→ Your objective: Report the number of lines in the data below that hold "mathcomp", without any other words.

→ Source information:
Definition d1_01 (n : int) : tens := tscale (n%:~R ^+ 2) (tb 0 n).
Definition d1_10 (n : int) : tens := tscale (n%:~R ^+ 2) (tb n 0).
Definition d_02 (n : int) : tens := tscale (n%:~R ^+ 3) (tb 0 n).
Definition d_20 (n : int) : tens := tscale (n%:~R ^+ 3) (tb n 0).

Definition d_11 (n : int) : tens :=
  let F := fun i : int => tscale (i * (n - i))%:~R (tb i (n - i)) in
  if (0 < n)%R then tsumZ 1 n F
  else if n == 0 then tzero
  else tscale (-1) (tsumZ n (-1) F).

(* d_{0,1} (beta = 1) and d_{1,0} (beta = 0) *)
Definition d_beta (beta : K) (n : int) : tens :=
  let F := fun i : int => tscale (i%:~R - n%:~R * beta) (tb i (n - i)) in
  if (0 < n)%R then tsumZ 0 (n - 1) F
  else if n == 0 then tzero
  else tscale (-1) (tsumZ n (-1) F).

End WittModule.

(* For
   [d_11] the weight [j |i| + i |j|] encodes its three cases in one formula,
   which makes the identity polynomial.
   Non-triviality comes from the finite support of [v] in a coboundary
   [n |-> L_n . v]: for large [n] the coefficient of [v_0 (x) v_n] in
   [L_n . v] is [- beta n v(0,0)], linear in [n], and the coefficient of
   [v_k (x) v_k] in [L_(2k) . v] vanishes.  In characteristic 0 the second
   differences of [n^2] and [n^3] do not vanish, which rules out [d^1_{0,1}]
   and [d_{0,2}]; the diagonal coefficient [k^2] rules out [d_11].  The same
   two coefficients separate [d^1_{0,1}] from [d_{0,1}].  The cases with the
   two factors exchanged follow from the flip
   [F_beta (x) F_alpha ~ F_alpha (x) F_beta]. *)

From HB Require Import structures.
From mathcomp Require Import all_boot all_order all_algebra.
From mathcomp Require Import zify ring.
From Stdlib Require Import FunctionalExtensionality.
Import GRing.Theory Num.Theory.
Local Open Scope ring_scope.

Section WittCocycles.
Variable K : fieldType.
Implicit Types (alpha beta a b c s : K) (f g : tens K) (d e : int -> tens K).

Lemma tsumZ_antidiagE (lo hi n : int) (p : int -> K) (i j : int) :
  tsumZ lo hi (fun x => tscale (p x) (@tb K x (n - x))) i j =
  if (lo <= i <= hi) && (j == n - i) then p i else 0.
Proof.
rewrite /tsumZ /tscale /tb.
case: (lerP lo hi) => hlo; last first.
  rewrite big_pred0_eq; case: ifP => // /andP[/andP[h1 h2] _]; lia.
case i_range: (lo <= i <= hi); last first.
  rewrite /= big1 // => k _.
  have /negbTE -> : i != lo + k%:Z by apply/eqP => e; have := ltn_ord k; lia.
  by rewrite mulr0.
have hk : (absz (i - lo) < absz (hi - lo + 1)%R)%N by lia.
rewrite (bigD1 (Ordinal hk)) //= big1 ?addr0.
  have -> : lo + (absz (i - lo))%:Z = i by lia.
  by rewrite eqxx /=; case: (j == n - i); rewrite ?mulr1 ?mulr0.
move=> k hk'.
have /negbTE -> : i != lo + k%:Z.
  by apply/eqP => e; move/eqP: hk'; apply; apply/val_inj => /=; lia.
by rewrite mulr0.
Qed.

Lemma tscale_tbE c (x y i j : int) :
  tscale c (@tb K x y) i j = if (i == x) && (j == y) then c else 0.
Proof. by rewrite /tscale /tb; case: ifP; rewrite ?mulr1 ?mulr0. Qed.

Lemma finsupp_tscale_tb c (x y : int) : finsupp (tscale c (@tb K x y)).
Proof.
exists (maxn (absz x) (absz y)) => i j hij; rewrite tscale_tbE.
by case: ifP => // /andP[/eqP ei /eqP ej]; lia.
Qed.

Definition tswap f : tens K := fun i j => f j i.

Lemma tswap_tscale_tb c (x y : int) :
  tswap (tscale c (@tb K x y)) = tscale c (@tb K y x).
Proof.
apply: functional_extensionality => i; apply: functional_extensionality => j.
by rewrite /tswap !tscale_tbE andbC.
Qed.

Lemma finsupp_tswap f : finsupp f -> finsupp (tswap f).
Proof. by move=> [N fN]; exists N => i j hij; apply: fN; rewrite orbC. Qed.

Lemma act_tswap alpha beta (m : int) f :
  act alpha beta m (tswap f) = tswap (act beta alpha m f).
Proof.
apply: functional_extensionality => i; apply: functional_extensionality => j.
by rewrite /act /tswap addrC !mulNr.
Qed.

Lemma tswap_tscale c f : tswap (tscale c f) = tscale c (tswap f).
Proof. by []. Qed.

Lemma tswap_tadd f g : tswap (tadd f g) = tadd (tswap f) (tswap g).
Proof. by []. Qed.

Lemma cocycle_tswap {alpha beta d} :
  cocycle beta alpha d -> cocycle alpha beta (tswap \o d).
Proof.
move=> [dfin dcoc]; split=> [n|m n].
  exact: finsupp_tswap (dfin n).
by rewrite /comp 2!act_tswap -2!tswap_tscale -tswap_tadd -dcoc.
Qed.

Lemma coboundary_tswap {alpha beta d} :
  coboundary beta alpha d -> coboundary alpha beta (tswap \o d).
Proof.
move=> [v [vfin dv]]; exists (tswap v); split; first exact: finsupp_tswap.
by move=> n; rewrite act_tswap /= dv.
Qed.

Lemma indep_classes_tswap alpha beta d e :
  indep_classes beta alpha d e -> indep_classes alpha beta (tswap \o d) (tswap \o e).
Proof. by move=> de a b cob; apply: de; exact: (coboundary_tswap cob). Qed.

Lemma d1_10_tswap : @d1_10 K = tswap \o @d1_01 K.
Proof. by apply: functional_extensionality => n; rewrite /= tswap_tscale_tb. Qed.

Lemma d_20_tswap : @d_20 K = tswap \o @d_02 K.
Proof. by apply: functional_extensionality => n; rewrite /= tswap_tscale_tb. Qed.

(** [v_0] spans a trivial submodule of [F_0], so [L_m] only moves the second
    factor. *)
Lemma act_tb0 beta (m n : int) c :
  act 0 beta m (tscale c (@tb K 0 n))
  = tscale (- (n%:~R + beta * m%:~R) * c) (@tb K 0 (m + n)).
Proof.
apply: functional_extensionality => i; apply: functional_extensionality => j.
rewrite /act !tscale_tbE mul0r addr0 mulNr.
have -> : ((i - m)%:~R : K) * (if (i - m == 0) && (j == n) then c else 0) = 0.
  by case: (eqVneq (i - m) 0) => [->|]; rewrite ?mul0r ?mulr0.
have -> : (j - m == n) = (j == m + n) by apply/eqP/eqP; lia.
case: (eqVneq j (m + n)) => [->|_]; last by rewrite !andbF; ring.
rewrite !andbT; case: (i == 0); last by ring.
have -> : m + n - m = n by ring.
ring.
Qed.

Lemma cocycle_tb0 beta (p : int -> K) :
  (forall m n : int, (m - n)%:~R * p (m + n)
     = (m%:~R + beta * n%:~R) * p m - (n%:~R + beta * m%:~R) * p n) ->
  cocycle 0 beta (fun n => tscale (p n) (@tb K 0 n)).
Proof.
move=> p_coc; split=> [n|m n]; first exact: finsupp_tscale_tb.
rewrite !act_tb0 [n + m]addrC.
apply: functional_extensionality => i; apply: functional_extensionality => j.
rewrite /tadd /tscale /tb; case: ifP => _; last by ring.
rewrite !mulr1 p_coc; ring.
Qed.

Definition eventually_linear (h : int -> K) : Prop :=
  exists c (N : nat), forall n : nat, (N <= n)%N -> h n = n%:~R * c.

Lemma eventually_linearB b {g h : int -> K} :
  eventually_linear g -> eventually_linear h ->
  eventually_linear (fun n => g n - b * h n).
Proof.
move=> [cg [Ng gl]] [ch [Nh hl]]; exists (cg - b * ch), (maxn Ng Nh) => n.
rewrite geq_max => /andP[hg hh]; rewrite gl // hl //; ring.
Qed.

→ Answer to this exercise: 2